(* Let $A$ be a ring with Jacobson radical $J(A)$. If the factor ring $A/J(A)$ is centrally essential, then $A/J(A)$ is commutative and $A$ is both right quasi-invariant and left quasi-invariant.
   Context: All rings are associative, unital and non-zero. $Z(A)$ denotes the center of a ring $A$. A ring $A$ is centrally essential if either $A$ is commutative or for every non-central element $a\in A$ there exist non-zero central elements $x,y\in Z(A)$ with $ax=y$ (equivalently, the module $A_{Z(A)}$ is an essential extension of $Z(A)_{Z(A)}$). A ring is right (resp. left) quasi-invariant if every maximal right (resp. left) ideal of it is a two-sided ideal. *)

From mathcomp Require Import all_boot all_algebra.
Set Implicit Arguments.
Unset Strict Implicit.
Unset Printing Implicit Defensive.
Import GRing.Theory.
Local Open Scope ring_scope.

Section Ideals.
Variable A : nzRingType.

Definition right_ideal (I : A -> Prop) : Prop :=
  [/\ I 0, (forall x y, I x -> I y -> I (x + y)), (forall x, I x -> I (- x))
    & (forall x r, I x -> I (x * r))].

Definition left_ideal (I : A -> Prop) : Prop :=
  [/\ I 0, (forall x y, I x -> I y -> I (x + y)), (forall x, I x -> I (- x))
    & (forall x r, I x -> I (r * x))].

Definition two_sided_ideal (I : A -> Prop) : Prop := right_ideal I /\ left_ideal I.

Definition maximal_right_ideal (M : A -> Prop) : Prop :=
  [/\ right_ideal M, (exists x, ~ M x) &
      forall N : A -> Prop, right_ideal N -> (forall x, M x -> N x) ->
        (forall x, N x <-> M x) \/ (forall x, N x)].

Definition maximal_left_ideal (M : A -> Prop) : Prop :=
  [/\ left_ideal M, (exists x, ~ M x) &
      forall N : A -> Prop, left_ideal N -> (forall x, M x -> N x) ->
        (forall x, N x <-> M x) \/ (forall x, N x)].

Definition jacobson (x : A) : Prop :=
  forall M, maximal_right_ideal M -> M x.

Definition right_quasi_invariant : Prop :=
  forall M, maximal_right_ideal M -> two_sided_ideal M.
Definition left_quasi_invariant : Prop :=
  forall M, maximal_left_ideal M -> two_sided_ideal M.

(* Notions for the factor ring A/I, written on representatives:
   the class of a is 0 iff I a; classes of a and b are equal iff I (a - b). *)
Section Factor.
Variable I : A -> Prop.

Definition central_mod (a : A) : Prop := forall b, I (a * b - b * a).

Definition commutative_mod : Prop := forall a b, I (a * b - b * a).

Definition centrally_essential_mod : Prop :=
  commutative_mod \/
  forall a, ~ central_mod a ->
    exists x y, [/\ central_mod x, central_mod y, ~ I x, ~ I y & I (a * x - y)].
End Factor.
End Ideals.

From mathcomp Require Import all_boot all_algebra.
From mathcomp Require Import boolp classical_sets.
From Stdlib Require Import Morphisms.
Set Implicit Arguments.
Unset Strict Implicit.
Unset Printing Implicit Defensive.
Import GRing.Theory.
Local Open Scope ring_scope.
Local Open Scope classical_set_scope.

(* J(A) is a two-sided ideal and A/J(A) has no nonzero central element u with
   u^2 = 0: if u lay outside a maximal right ideal M, then 1 = m + u s with
   m in M, and since u commutes with m modulo J(A), which lies in M, the element
   u = u m + u^2 s would lie in M.
   In a ring without such elements central essentiality forces commutativity.
   Otherwise some commutator c = [a, d] is central and nonzero (an essential
   witness x for a noncentral [a, b] gives [a, b x] = [a, b] x central); then
   [a c, d] = c^2 is nonzero, so a c is not central, and a witness z with
   a c z = w central gives c^2 z = [w, d] = 0, whence (c z)^2 = 0, c z = 0 and
   w = 0, a contradiction.
   Finally every maximal right or left ideal contains J(A) (for left ideals
   because the elements 1 - k, k in J(A), are units), and an ideal containing
   all commutators modulo J(A) is two-sided. *)

Section CongruenceModIdeal.
Variables (A : nzRingType) (I : A -> Prop).
Hypothesis I_ideal : two_sided_ideal I.

Let I0 : I 0. Proof. by case: I_ideal => -[]. Qed.
Let ID x y : I x -> I y -> I (x + y).
Proof. by case: I_ideal => -[_ ID _ _] _; apply: ID. Qed.
Let IN x : I x -> I (- x).
Proof. by case: I_ideal => -[_ _ IN _] _; apply: IN. Qed.
Let IMr x r : I x -> I (x * r).
Proof. by case: I_ideal => -[_ _ _ IM] _; apply: IM. Qed.
Let IMl x r : I x -> I (r * x).
Proof. by case: I_ideal => _ [_ _ _ IM]; apply: IM. Qed.

Definition eqmod (x y : A) := I (x - y).
Local Notation "x ≡ y" := (eqmod x y) (at level 70).

Lemma eqmodE x y : (x ≡ y) = I (x - y). Proof. by []. Qed.

Lemma eqmod0 x : (x ≡ 0) = I x. Proof. by rewrite eqmodE subr0. Qed.

Lemma central_modP x : central_mod I x <-> forall b, x * b ≡ b * x.
Proof. by []. Qed.

Instance eqmod_equivalence : Equivalence eqmod.
Proof.
split.
- by move=> x; rewrite /eqmod subrr.
- by move=> x y /IN; rewrite /eqmod opprB.
- by move=> x y z /ID h /h; rewrite /eqmod addrA subrK.
Qed.

Instance addr_eqmod : Proper (eqmod ==> eqmod ==> eqmod) (@GRing.add A).
Proof. by move=> x x' /ID h y y' /h; rewrite /eqmod opprD addrACA. Qed.

Instance oppr_eqmod : Proper (eqmod ==> eqmod) (@GRing.opp A).
Proof. by move=> x x' /IN; rewrite /eqmod opprB opprK addrC. Qed.

Instance mulr_eqmod : Proper (eqmod ==> eqmod ==> eqmod) (@GRing.mul A).
Proof.
move=> x x' hx y y' hy; have := ID (IMr y hx) (IMl x' hy).
by rewrite /eqmod mulrBl mulrBr addrA subrK.
Qed.

Instance I_eqmod : Proper (eqmod ==> iff) I.
Proof.
move=> x y xy; rewrite -!eqmod0.
by split=> h; rewrite ?xy // -xy.
Qed.

Instance central_mod_eqmod : Proper (eqmod ==> iff) (central_mod I).
Proof.
move=> x y xy; rewrite !central_modP.
by split=> h b; [rewrite -xy | rewrite xy]; apply: h.
Qed.

Lemma central_mod_mul x y :
  central_mod I x -> central_mod I y -> central_mod I (x * y).
Proof.
move=> /central_modP cx /central_modP cy b.
by rewrite -eqmodE -mulrA cy mulrA cx -mulrA; reflexivity.
Qed.

Hypothesis I_central_sqr : forall u, central_mod I u -> I (u * u) -> I u.

Lemma centrally_essential_mod_commutative :
  centrally_essential_mod I -> commutative_mod I.
Proof.
case=> // ess a b; apply: contrapT => nab.
have [d [cd ncd]] :
    exists d, central_mod I (a * d - d * a) /\ ~ I (a * d - d * a).
  have [cab|ncab] := pselect (central_mod I (a * b - b * a)); first by exists b.
  have [x [y [/central_modP cx cy _ ny]]] := ess _ ncab; rewrite -eqmodE => axy.
  have e : a * (b * x) - b * x * a ≡ y.
    by rewrite -axy mulrBl mulrA -(mulrA b) cx mulrA; reflexivity.
  by exists (b * x); rewrite e; split.
move: cd ncd; set c := a * d - d * a => cc nc; have /central_modP ccP := cc.
have acd : a * c * d - d * (a * c) ≡ c * c.
  by rewrite -mulrA ccP mulrA mulrA -mulrBl; reflexivity.
have nac : ~ central_mod I (a * c).
  by move=> /(_ d); rewrite acd => /(I_central_sqr cc).
have [z [w [/central_modP cz /central_modP cw _ nw]]] := ess _ nac.
rewrite -eqmodE => acz.
have ccz : I (c * c * z).
  rewrite -acd -eqmod0 mulrBl -(mulrA (a * c)) -(cz d) (mulrA (a * c)) acz (cw d).
  by rewrite -(mulrA d) acz subrr; reflexivity.
have cz0 : I (c * z).
  apply: I_central_sqr; first exact: central_mod_mul.
  by rewrite mulrA -(mulrA c) cz mulrA; apply: IMr.
by apply: nw; rewrite -acz -mulrA; apply: IMl.
Qed.

End CongruenceModIdeal.

Section RightIdeals.
Variable A : nzRingType.
Implicit Types (M N : A -> Prop) (x y : A).

Lemma right_ideal_full N : right_ideal N -> N 1 -> forall x, N x.
Proof. by case=> _ _ _ NM N1 x; rewrite -(mul1r x); apply: NM. Qed.

Lemma right_ideal_two_sided (I M : A -> Prop) :
  commutative_mod I -> I `<=` M -> right_ideal M -> two_sided_ideal M.
Proof.
move=> comm IM Mid; split=> //; case: (Mid) => M0 MD MN MM; split=> // x r Mx.
by rewrite -[r * x](subrK (x * r)); apply: MD; [apply/IM/comm | apply: MM].
Qed.

Lemma maximal_right_idealP M : maximal_right_ideal M <->
  [/\ right_ideal M, ~ M 1 & forall y, ~ M y -> exists s, M (1 - y * s)].
Proof.
split.
- case=> Mid [x nMx] Mmax; split=> //; first by move/(right_ideal_full Mid).
  move=> y nMy; case: (Mid) => M0 MD MN MM.
  pose N z := exists m s, M m /\ z = m + y * s.
  have Nid : right_ideal N.
    split.
    + by exists 0, 0; rewrite mulr0 addr0.
    + move=> _ _ [m [s [Mm ->]]] [m' [s' [Mm' ->]]].
      by exists (m + m'), (s + s'); rewrite mulrDr addrACA; split=> //; apply: MD.
    + move=> _ [m [s [Mm ->]]].
      by exists (- m), (- s); rewrite mulrN -opprD; split=> //; apply: MN.
    + move=> _ r [m [s [Mm ->]]].
      by exists (m * r), (s * r); rewrite mulrDl mulrA; split=> //; apply: MM.
  have MN' : M `<=` N by move=> m Mm; exists m, 0; rewrite mulr0 addr0.
  have [NM|N1] := Mmax N Nid MN'.
  + by case: nMy; apply/NM; exists 0, 1; rewrite add0r mulr1.
  + by have [m [s [Mm e]]] := N1 1; exists s; rewrite e addrK.
- case=> Mid nM1 Mco; split=> //; first by exists 1.
  move=> N Nid MN; have [NM|] := pselect (N `<=` M).
    by left=> x; split; [apply: NM | apply: MN].
  move=> /existsNP [y /not_implyP [Ny nMy]]; right; apply: right_ideal_full => //.
  have [s /MN Ns] := Mco y nMy; case: Nid => _ ND _ NM.
  by rewrite -(subrK (y * s) 1); apply: ND => //; apply: NM.
Qed.

Lemma right_ideal_chain_union (K : Type) (F : K -> A -> Prop) (C : set K) :
  C !=set0 -> (forall k, C k -> right_ideal (F k)) ->
  (forall k l, C k -> C l -> F k `<=` F l \/ F l `<=` F k) ->
  right_ideal (fun x => exists2 k, C k & F k x).
Proof.
move=> [k0 Ck0] Fid Ftot; split.
- by exists k0 => //; case: (Fid _ Ck0).
- move=> x y [k Ck Fx] [l Cl Fy].
  have [kl|lk] := Ftot _ _ Ck Cl.
  + by exists l => //; case: (Fid _ Cl) => _ D _ _; apply: D => //; apply: kl.
  + by exists k => //; case: (Fid _ Ck) => _ D _ _; apply: D => //; apply: lk.
- by move=> x [k Ck Fx]; exists k => //; case: (Fid _ Ck) => _ _ N _; apply: N.
- by move=> x r [k Ck Fx]; exists k => //; case: (Fid _ Ck) => _ _ _ M; apply: M.
Qed.

Lemma exists_maximal_right_ideal I : right_ideal I -> ~ I 1 ->
  exists M, maximal_right_ideal M /\ I `<=` M.
Proof.
move=> Iid nI1.
pose T := {N : A -> Prop | [/\ right_ideal N, ~ N 1 & I `<=` N]}.
pose R (s t : T) := `[< sval s `<=` sval t >].
have t0 : T by exists I; split.
have [[M [Mid nM1 IM]] Mmax] : exists t, premaximal R t.
  apply: (ZL_preorder t0).
  - by move=> t; apply/asboolP.
  - by move=> r s t /asboolP rs /asboolP st; apply/asboolP => x /rs /st.
  move=> C Ctot; have [C0|nC0] := pselect (C !=set0); last first.
    by exists t0 => s Cs; case: nC0; exists s.
  have [s0 Cs0] := C0.
  pose U x := exists2 s, C s & sval s x.
  have Uid : right_ideal U.
    apply: (right_ideal_chain_union (F := sval) C0) => [s _|s t Cs Ct].
      by case: (svalP s).
    by have [/asboolP|/asboolP] := Ctot s t Cs Ct; [left|right].
  have nU1 : ~ U 1 by case=> s _; case: (svalP s).
  have IU : I `<=` U.
    by move=> x Ix; exists s0 => //; case: (svalP s0) => _ _; apply.
  exists (exist _ U (And3 Uid nU1 IU)) => s Cs.
  by apply/asboolP => x Sx; exists s.
exists M; split=> //; split=> //; first by exists 1.
move=> N Nid MN; have [N1|nN1] := pselect (N 1).
  by right; apply: right_ideal_full.
have /asboolP NM :=
  Mmax (exist _ N (And3 Nid nN1 (fun x => MN x \o IM x))) (asboolT MN).
by left=> x; split; [apply: NM | apply: MN].
Qed.

End RightIdeals.

(* Left ideals of A are, by conversion, right ideals of the converse ring A^c. *)
Section LeftIdeals.
Variable A : nzRingType.

Lemma left_ideal_two_sided (I M : A -> Prop) :
  commutative_mod I -> I `<=` M -> left_ideal M -> two_sided_ideal M.
Proof.
move=> comm IM Mid.
by have [] := @right_ideal_two_sided A^c I M (fun a b => comm b a) IM Mid.
Qed.

Lemma maximal_left_idealP (M : A -> Prop) : maximal_left_ideal M <->
  [/\ left_ideal M, ~ M 1 & forall y, ~ M y -> exists s, M (1 - s * y)].
Proof. exact: (@maximal_right_idealP A^c M). Qed.

End LeftIdeals.

Section Jacobson.
Variable A : nzRingType.
Local Notation J := (@jacobson A).

Lemma maximal_right_ideal_colon (M : A -> Prop) r :
  maximal_right_ideal M -> ~ M r -> maximal_right_ideal (fun x => M (r * x)).
Proof.
move=> /maximal_right_idealP [[M0 MD MN MM] _ Mco] nMr.
apply/maximal_right_idealP; split; last 1 first.
- move=> y /Mco [s Ms]; exists (s * r).
  by rewrite mulrBr mulr1 !mulrA -[r in r - _]mul1r -mulrBl; apply: MM.
- split; first by rewrite mulr0.
  + by move=> x y Mx My; rewrite mulrDr; apply: MD.
  + by move=> x Mx; rewrite mulrN; apply: MN.
  + by move=> x s Mx; rewrite mulrA; apply: MM.
- by rewrite mulr1.
Qed.

Lemma jacobson_two_sided : two_sided_ideal J.
Proof.
have Jr : right_ideal J.
  split.
  - by move=> M [[]].
  - move=> x y Jx Jy M hM; case: (hM) => -[_ MD _ _] _ _.
    by apply: MD; [apply: Jx | apply: Jy].
  - by move=> x Jx M hM; case: (hM) => -[_ _ MN _] _ _; apply: MN; apply: Jx.
  - by move=> x r Jx M hM; case: (hM) => -[_ _ _ MM] _ _; apply: MM; apply: Jx.
split=> //; case: Jr => J0 JD JN _; split=> // x r Jx M hM.
have [Mr|nMr] := pselect (M r).
  by case: (hM) => -[_ _ _ MM] _ _; apply: MM.
exact: Jx _ (maximal_right_ideal_colon hM nMr).
Qed.

Lemma jacobson_central_sqr u : central_mod J u -> J (u * u) -> J u.
Proof.
move=> cu Juu M hM; apply: contrapT => nMu.
have /maximal_right_idealP [[_ MD _ MM] _ Mco] := hM.
have [s Ms] := Mco u nMu; set m := 1 - u * s in Ms; apply: nMu.
have -> : u = (u * m - m * u) + m * u + u * u * s.
  by rewrite subrK /m mulrBr mulr1 mulrA subrK.
by apply: (MD); [apply: MD; [apply: cu | apply: (MM)] | apply: MM; apply: Juu].
Qed.

Lemma jacobson_one_sub_rinv k : J k -> exists u, (1 - k) * u = 1.
Proof.
move=> Jk; apply: contrapT => /forallNP ninv.
pose P x := exists t, x = (1 - k) * t.
have Pid : right_ideal P.
  split.
  - by exists 0; rewrite mulr0.
  - by move=> _ _ [t ->] [t' ->]; exists (t + t'); rewrite mulrDr.
  - by move=> _ [t ->]; exists (- t); rewrite mulrN.
  - by move=> _ r [t ->]; exists (t * r); rewrite mulrA.
have nP1 : ~ P 1 by case=> t /esym /ninv.
have [M [hM PM]] := exists_maximal_right_ideal Pid nP1.
have /maximal_right_idealP [[_ MD _ _] nM1 _] := hM.
apply: nM1; rewrite -(subrK k 1); apply: MD; last exact: Jk.
by apply: PM; exists 1; rewrite mulr1.
Qed.

Lemma jacobson_one_sub_linv k : J k -> exists u, u * (1 - k) = 1.
Proof.
move=> Jk; have [u ku] := jacobson_one_sub_rinv Jk.
(* u = 1 + k u has a right inverse v as well, and then v = 1 - k. *)
have [v uv] : exists v, u * v = 1.
  have Jku : J (- (k * u)).
    by case: jacobson_two_sided => -[_ _ JN JM] _; apply: JN; apply: JM.
  have [v] := jacobson_one_sub_rinv Jku.
  by rewrite opprK -{1}ku mulrBl mul1r subrK; exists v.
have vk : v = 1 - k by rewrite -[v]mul1r -{1}ku -mulrA uv mulr1.
by exists u; rewrite -vk.
Qed.

Lemma jacobson_sub_maximal_left (M : A -> Prop) :
  maximal_left_ideal M -> J `<=` M.
Proof.
move=> /maximal_left_idealP [[_ _ _ MM] nM1 Mco] j Jj; apply: contrapT.
move=> /Mco [s Ms]; have [v vsj] : exists v, v * (1 - s * j) = 1.
  by apply: jacobson_one_sub_linv; case: jacobson_two_sided => _ [_ _ _]; apply.
by apply: nM1; rewrite -vsj; apply: MM.
Qed.

End Jacobson.

Theorem mainTheorem1 (A : nzRingType) :
  centrally_essential_mod (@jacobson A) ->
  commutative_mod (@jacobson A) /\ right_quasi_invariant A /\ left_quasi_invariant A.
Proof.
move=> ess; have comm := centrally_essential_mod_commutative
  (@jacobson_two_sided A) (@jacobson_central_sqr A) ess.
split=> //; split=> M hM.
- apply: right_ideal_two_sided comm (fun x Jx => Jx M hM) _.
  by case: hM.
- apply: left_ideal_two_sided comm (jacobson_sub_maximal_left hM) _.
  by case: hM.
Qed.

::::::::

> DESCRIPTION OF THE TASK
Scan the lines above for "centrally_essential_mod (@jacobson A) ->" and for "split=> //; split=> M hM.". Repeat exactly the line holding each of them and every line in between.

> RESULT OF THE EXERCISE
  centrally_essential_mod (@jacobson A) ->
  commutative_mod (@jacobson A) /\ right_quasi_invariant A /\ left_quasi_invariant A.
Proof.
move=> ess; have comm := centrally_essential_mod_commutative
  (@jacobson_two_sided A) (@jacobson_central_sqr A) ess.
split=> //; split=> M hM.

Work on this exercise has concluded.